Opinion

Stealing The Destiny Of  Nigerian Youths  Is Senator Ike Ekweremadu’s Moral Burden

The young man, who ratted Senator Ike Ekweremadu to British police, may be a bloody liar and opportunist, all dressed up to the nines to escape the shores of Nigeria. And I suspect that if he found himself in a position of power, he will act no differently than Ekweremadu. But that is neither here nor there.

Yes, we are a people without a moral compass.

That said, my issue today is that the considered opinion of Ekweremadu, who required a kidney for his kid, was to recruit an indigent youth, transport him out of Nigeria, and then arrange to have the poor boy’s kidney plucked. It did not go through for the reason mentioned earlier.

Senator Ekweremadu has been in government since 1999 but he has not contributed any meaningful structural development for his people in Enugu. Except to purse a personal ambition to become Igbo president. He’s reputed to have donated money toward the construction of many churches in Enugu; but none to build any standard hospital, or industry.

In Britain where he took his kid for kidney transplant, he would probably have been attended to, in their excellent medical facilities, by Nigerian nephrologists and such other specialists practicing in the diaspora. Isn’t it a shame that as a senator he never pulled enough influence to get a private or public facility set up in Nigeria? Perhaps, then, it would have been superfluous to travel to London in the first place. And I can bet that there are many Nigerian doctors abroad who did return home willingly and practise happily … if the power, facilities, and wherewithal were there.

Finally, I suspect the British health system may have something similar to what Americans enjoy here  – free terminal kidney care. This was started by Nixon and some powerhouse senators and representatives of the early 70s who considered that the cost of kidney disease care was too high to be borne by families alone.
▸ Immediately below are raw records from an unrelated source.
(* Let $Y$ be a generic Enriques surface. For effective $\beta\in H_2(Y,\mathbb{Z})$ (modulo torsion) with $2\nmid\beta$ and $\beta^2=2d$, let $M_d$ be one of the two connected components of the moduli space of stable $1$-dimensional sheaves $F$ on $Y$ with support class $\beta$ and $\chi(F)=1$ (smooth projective of dimension $2d+1$), with Hilbert–Chow morphism $\rho:M_d\to\mathbb{P}$, perverse Hodge numbers ${}^ph^{i,j}(M_d)=\dim H^j(\mathbb{P},{}^p\mathcal{H}^i(R\rho_*\mathbb{Q}[\dim M_d]))$ and Betti numbers $b_{i,d}=b_i(M_d)$. Let \[ F(u,p,q)=\frac{(1-u^{-1}p)(1-up)}{(-p)}\prod_{m\ge1}\frac{1}{(1-q^m)^8}\prod_{\substack{m\ge1\\ m\text{ odd}}}\frac{1}{(1-u^{-2}q^m)(1-u^2q^m)(1-upq^m)(1-up^{-1}q^m)(1-u^{-1}pq^m)(1-u^{-1}p^{-1}q^m)(1-q^m)^2}. \] Assume that the ${}^ph^{i,j}(M_d)$ depend only on $d$ and that \[ \sum_{d\ge0}\sum_{i,j}{}^ph^{i,j}(M_d)(-1)^{i+j}p^iu^jq^d=F(u,p,q)-\Big(\sum_{d\ge0}u^{-(2d+1)}\sum_{i=0}^{4d+2}(-u)^ib_{i,d}\Big)\prod_{m\ge1}\frac{(1-u^2q^{2m})(1-u^{-2}q^{2m})(1-q^{2m})^2}{(1-upq^{2m})(1-u^{-1}p^{-1}q^{2m})(1-u^{-1}pq^{2m})(1-up^{-1}q^{2m})}. \] Then for all $d\ge0$ and integers $i,j$ with $i,j<-d/2-1$, \[ {}^ph^{i,j}(M_d)(-1)^{i+j}=\mathrm{Coeff}_{p^iu^jq^d}\big[F(u,p,q)\big]. \]
   Context: $F$ equals, in the paper's notation, $\frac{(1-u^{-1}p)(1-up)}{(-p)}\frac{\Theta(u^2,q^2)}{\Theta(u^2,q)}\frac{\eta(q^2)^8}{\eta(q)^{16}}\frac{\Theta(pu,q^2)\Theta(pu^{-1},q^2)}{\Theta(pu,q)\Theta(pu^{-1},q)}$ with $\Theta(p,q)=(p^{1/2}-p^{-1/2})\prod_{m\ge1}\frac{(1-pq^m)(1-p^{-1}q^m)}{(1-q^m)^2}$ and $\eta(q)=q^{1/24}\prod_{m\ge1}(1-q^m)$. ${}^p\mathcal{H}^i$ is perverse cohomology for the middle perversity. *)

(* Elementary model of the ring of formal power series in q
   whose coefficients are Laurent polynomials in u, p with integer
   coefficients, i.e.  Z[u^{+-1}, p^{+-1}][[q]]. *)
From mathcomp Require Import all_boot all_order all_algebra.
Set Implicit Arguments. Unset Strict Implicit. Unset Printing Implicit Defensive.
Import Order.TTheory GRing.Theory Num.Theory.
Local Open Scope ring_scope.

Record Mon := MkMon { mc : int; mpe : int; mue : int }.

Definition Laur := seq Mon.

Definition lcoef (f : Laur) (i j : int) : int :=
  \sum_(t <- f | (mpe t == i) && (mue t == j)) mc t.

Definition lmon (c i j : int) : Laur := [:: MkMon c i j].
Definition lone : Laur := lmon 1 0 0.
Definition ladd (f g : Laur) : Laur := f ++ g.
Definition lopp (f : Laur) : Laur := [seq MkMon (- mc t) (mpe t) (mue t) | t <- f].
Definition lmul (f g : Laur) : Laur :=
  [seq MkMon (mc s * mc t) (mpe s + mpe t) (mue s + mue t) | s <- f, t <- g].
Definition lexp (f : Laur) (n : nat) : Laur := iter n (lmul f) lone.

Definition Ser := nat -> Laur.

Definition sconst (f : Laur) : Ser := fun d => if d == 0%N then f else [::].
Definition sone : Ser := sconst lone.
Definition sadd (A B : Ser) : Ser := fun d => ladd (A d) (B d).
Definition sopp (A : Ser) : Ser := fun d => lopp (A d).
Definition ssub (A B : Ser) : Ser := sadd A (sopp B).
Definition smul (A B : Ser) : Ser :=
  fun d => flatten [seq lmul (A k) (B (d - k)%N) | k <- iota 0 d.+1].
Definition sprod (l : seq Ser) : Ser := foldr smul sone l.

Definition oneminus (c : Laur) (m : nat) : Ser :=
  sadd sone (fun d => if d == m then lopp c else [::]).
(* 1 / (1 - c q^m) = sum_k c^k q^{mk}   (m >= 1) *)
Definition geom (c : Laur) (m : nat) : Ser :=
  fun d => if (d %% m == 0)%N then lexp c (d %/ m) else [::].

(* Infinite product prod_{m >= 1} G m, for factors with G m = 1 + O(q^m):
   the coefficient of q^d only involves the factors with m <= d. *)
Definition sprod_inf (G : nat -> Ser) : Ser :=
  fun d => sprod [seq G m | m <- iota 1 d] d.

Definition Coeff (A : Ser) (d : nat) (i j : int) : int := lcoef (A d) i j.

Definition m1 : Laur := lmon 1 0 0.
Definition mu2 : Laur := lmon 1 0 2.
Definition mum2 : Laur := lmon 1 0 (-2).
Definition mup : Laur := lmon 1 1 1.
Definition mupi : Laur := lmon 1 (-1) 1.
Definition muip : Laur := lmon 1 1 (-1).
Definition muipi : Laur := lmon 1 (-1) (-1).

Definition Fpref : Laur :=
  lmul (lmul (ladd lone (lopp muip)) (ladd lone (lopp mup))) (lmon (-1) (-1) 0).

Definition Fser : Ser :=
  sprod [:: sconst Fpref;
    sprod_inf (fun m => sprod (nseq 8 (geom m1 m)));
    sprod_inf (fun m => if odd m then
        sprod [:: geom mum2 m; geom mu2 m; geom mup m; geom mupi m;
                  geom muip m; geom muipi m; geom m1 m; geom m1 m]
      else sone)].

Definition Bser (b : nat -> nat -> nat) : Ser :=
  fun d => [seq MkMon ((-1) ^+ i * (b i d)%:Z) 0 (i%:Z - (2 * d + 1)%:Z)
           | i <- iota 0 (4 * d + 3)].

Definition Hser : Ser :=
  sprod_inf (fun m =>
    sprod [:: oneminus mu2 (2 * m); oneminus mum2 (2 * m);
              oneminus m1 (2 * m); oneminus m1 (2 * m);
              geom mup (2 * m); geom muipi (2 * m);
              geom muip (2 * m); geom mupi (2 * m)]).

Definition RHSser (b : nat -> nat -> nat) : Ser := ssub Fser (smul (Bser b) Hser).

(* In the q^d coefficient of the correction term Bser b * Hser every monomial
   has p-exponent at least -d/2: Bser involves no p, and the factors of Hser
   are series in q^(2m) whose coefficient of q^(2mk) has p-exponent at least
   -k.  Hence that correction contributes nothing to the coefficient of
   p^i u^j q^d when i < -d/2, and there the assumed identity reduces to the
   coefficient of F. *)
From mathcomp Require Import all_boot all_order all_algebra.
From mathcomp Require Import zify ring lra.
Import Order.TTheory GRing.Theory Num.Theory.
Local Open Scope ring_scope.

(* Twice the p-exponent is bounded, to avoid halving the degree in q. *)
Definition pval2_ge (n : int) (f : Laur) : bool := all (fun t => n <= 2 * mpe t) f.

Lemma pval2_ge_le {m n : int} {f : Laur} : m <= n -> pval2_ge n f -> pval2_ge m f.
Proof. by move=> lemn; apply: sub_all => t; apply: le_trans. Qed.

Lemma pval2_ge_cat (n : int) (f g : Laur) :
  pval2_ge n (f ++ g) = pval2_ge n f && pval2_ge n g.
Proof. exact: all_cat. Qed.

Lemma pval2_ge_flatten (n : int) (s : seq Laur) :
  pval2_ge n (flatten s) = all (pval2_ge n) s.
Proof. by elim: s => //= f s IHs; rewrite pval2_ge_cat IHs. Qed.

Lemma pval2_ge_lopp (n : int) (f : Laur) : pval2_ge n (lopp f) = pval2_ge n f.
Proof. by rewrite /pval2_ge all_map. Qed.

Lemma pval2_ge_lmul {m n : int} {f g : Laur} :
  pval2_ge m f -> pval2_ge n g -> pval2_ge (m + n) (lmul f g).
Proof.
elim: f => [|s f IHf] //= /andP[hs hf] hg.
rewrite pval2_ge_cat IHf // andbT /pval2_ge all_map.
by apply: sub_all hg => t /= ht; lia.
Qed.

Lemma pval2_ge_lexp {n : int} {f : Laur} (k : nat) :
  pval2_ge n f -> pval2_ge (n * k%:Z) (lexp f k).
Proof.
move=> hf; elim: k => [|k IHk] /=; first by rewrite mulr0 /pval2_ge /=.
by rewrite intS mulrDr mulr1; apply: pval2_ge_lmul.
Qed.

Lemma lcoef_eq0 {n : int} {f : Laur} {i : int} (j : int) :
  pval2_ge n f -> 2 * i < n -> lcoef f i j = 0.
Proof.
move=> + hi; elim: f => [|t f IHf] /=; first by rewrite /lcoef big_nil.
move=> /andP[ht hf]; rewrite /lcoef big_cons -/(lcoef f i j) IHf //.
by case: ifP => // /andP[/eqP ti _]; move: ht; rewrite ti; lia.
Qed.

Lemma lcoef_cat (f g : Laur) (i j : int) :
  lcoef (f ++ g) i j = lcoef f i j + lcoef g i j.
Proof. exact: big_cat. Qed.

Definition pbounded (A : Ser) : Prop := forall d : nat, pval2_ge (- d%:Z) (A d).

Lemma smul_pbounded {A B : Ser} : pbounded A -> pbounded B -> pbounded (smul A B).
Proof.
move=> hA hB d; rewrite /smul pval2_ge_flatten all_map.
apply/allP => k; rewrite mem_iota => /andP[_ ltkd] /=.
have -> : - d%:Z = - k%:Z + - (d - k)%N%:Z by lia.
exact: pval2_ge_lmul.
Qed.

Lemma sone_pbounded : pbounded sone.
Proof. by move=> [|d] //=; rewrite /pval2_ge /=. Qed.

Lemma sprod_pbounded (G : nat -> Ser) (s : seq nat) :
  (forall m, m \in s -> pbounded (G m)) -> pbounded (sprod (map G s)).
Proof.
elim: s => [|m s IHs] hG /=; first exact: sone_pbounded.
apply: smul_pbounded; first by apply: hG; rewrite mem_head.
by apply: IHs => k ks; apply: hG; rewrite inE ks orbT.
Qed.

Lemma geom_pbounded (c : Laur) (m : nat) :
  (2 <= m)%N -> pval2_ge (-2) c -> pbounded (geom c m).
Proof.
move=> m_ge2 hc d; rewrite /geom; case: ifP => // _.
apply: pval2_ge_le (pval2_ge_lexp (d %/ m) hc).
have := leq_divM d m.
have : (2 * (d %/ m) <= d %/ m * m)%N by rewrite mulnC leq_mul2l m_ge2 orbT.
lia.
Qed.

Lemma oneminus_pbounded (c : Laur) (m : nat) :
  pval2_ge 0 c -> pbounded (oneminus c m).
Proof.
move=> hc d; rewrite /oneminus /sadd /ladd pval2_ge_cat sone_pbounded /=.
by case: ifP => // _; rewrite pval2_ge_lopp; apply: pval2_ge_le hc; lia.
Qed.

Lemma Bser_pbounded (b : nat -> nat -> nat) : pbounded (Bser b).
Proof. by move=> d; rewrite /pval2_ge all_map; apply/allP => i _ /=; lia. Qed.

Lemma Hser_pbounded : pbounded Hser.
Proof.
move=> d; apply: sprod_pbounded => m; rewrite mem_iota => /andP[m_gt0 _].
have m2_ge2 : (2 <= 2 * m)%N by lia.
have om c : pval2_ge 0 c -> pbounded (oneminus c (2 * m)) by apply: oneminus_pbounded.
have gm c : pval2_ge (-2) c -> pbounded (geom c (2 * m)) by apply: geom_pbounded.
rewrite /sprod /=.
do 8![apply: smul_pbounded; first by [apply: om | apply: gm]].
exact: sone_pbounded.
Qed.

Lemma Coeff_RHSser (b : nat -> nat -> nat) (d : nat) (i j : int) :
  2 * i < - d%:Z -> Coeff (RHSser b) d i j = Coeff Fser d i j.
Proof.
move=> hi; have hBH : pval2_ge (- d%:Z) (lopp (smul (Bser b) Hser d)).
  by rewrite pval2_ge_lopp; apply: smul_pbounded (Bser_pbounded b) Hser_pbounded d.
by rewrite /Coeff /RHSser /ssub /sadd /ladd /sopp lcoef_cat (lcoef_eq0 _ hBH hi) addr0.
Qed.

Lemma ltr_neg_half (R : realFieldType) (i : int) (d : nat) :
  i%:~R < - (d%:R / 2) - 1 :> R -> 2 * i < - d%:Z.
Proof.
move=> hi; rewrite -(ltr_int R) rmorphM rmorphN /= -pmulrn.
have -> : (2 : int)%:~R = 2 :> R by [].
lra.
Qed.

Theorem lemma3p8 (ph : nat -> int -> int -> nat) (b : nat -> nat -> nat) :
  (forall (d : nat) (i j : int),
      (ph d i j)%:Z * (-1) ^ (i + j) = Coeff (RHSser b) d i j) ->
  forall (d : nat) (i j : int),
    (i%:~R < - (d%:R / 2) - 1 :> rat) -> (j%:~R < - (d%:R / 2) - 1 :> rat) ->
    (ph d i j)%:Z * (-1) ^ (i + j) = Coeff Fser d i j.
Proof.
move=> hRHS d i j /ltr_neg_half hi _.
by rewrite hRHS Coeff_RHSser.
Qed.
So they passed a bill and funded it – Medicare End-Stage Renal Disease (ESRD) Program which went into effect on July 1, 1973.

It is curious to me as an alien, that this specialist kidney care, is available to even the rich. No discrimination against the rich for this government program. Everywhere you go in the US you’d see standalone DaVita Dialysis Centers or Fresenius Kidney Care hospital networks which provide dialysis and such other care funded on that law.

UK Court Adjourns Ekweremadu’s Trial Over Organ Harvesting Allegation Till October 31

How long would Ekweremadu be in the senate before people-friendly progress such as those interests him? Any sympathy I may express here won’t be genuine. So I won’t bother. I have known too many young people who died in Nigeria for lack of the most basic medical care while Ekweremadu, Buhari, Tinubu, Atiku and their privileged class hop into planes to fly to London, Berlin, and Dubai for treatment for their old and tired bodies with gnarled hands grasping on to their privileges.

When Ekweremadu travelled out with that Nigerian youth to harvest his kidney to save his own daughter, it was one stick up too many – It was tantamount to transacting the “destiny” of the youth. This is aggravated by the fact that since the beginning of the Fourth Republic, 23 years ago, the executive and legislative arms of the various governments from General Obasanjo, Alhaji Musa Yar’Adua, Chief Goodluck Jonathan, up to the incumbent, Major General M. Buhari, none have increased the capacity of Nigeria’s youth for innovative and productive participation in a fast-paced technological world.

It is safe to wager that if the emigrated proposed kidney donor were a programmer in a Nigerian Silicon Valley, somewhere in our heads, he wouldn’t have given away his kidney for a pittance? Or for any price for that matter.

Our privileged class won’t learn. They are too far gone in iniquitous impunity. But the West can help us. If the British legal process prosecutes the Nigerian senator to the full extent of their laws –  as vigorously as they did with the corruption case of Governor James Ibori, who was convicted and served jail time there – and convict him for modern day slavery; then another red line of consequence is drawn for our masters when they travel offshore. Then, hopefully, something good can come out of this particular abuse of privilege.

Albert Ik Ngene, a retired community practice pharmacist and youth advocate, is PBA’s public interest analyst. He  writes from Atlanta.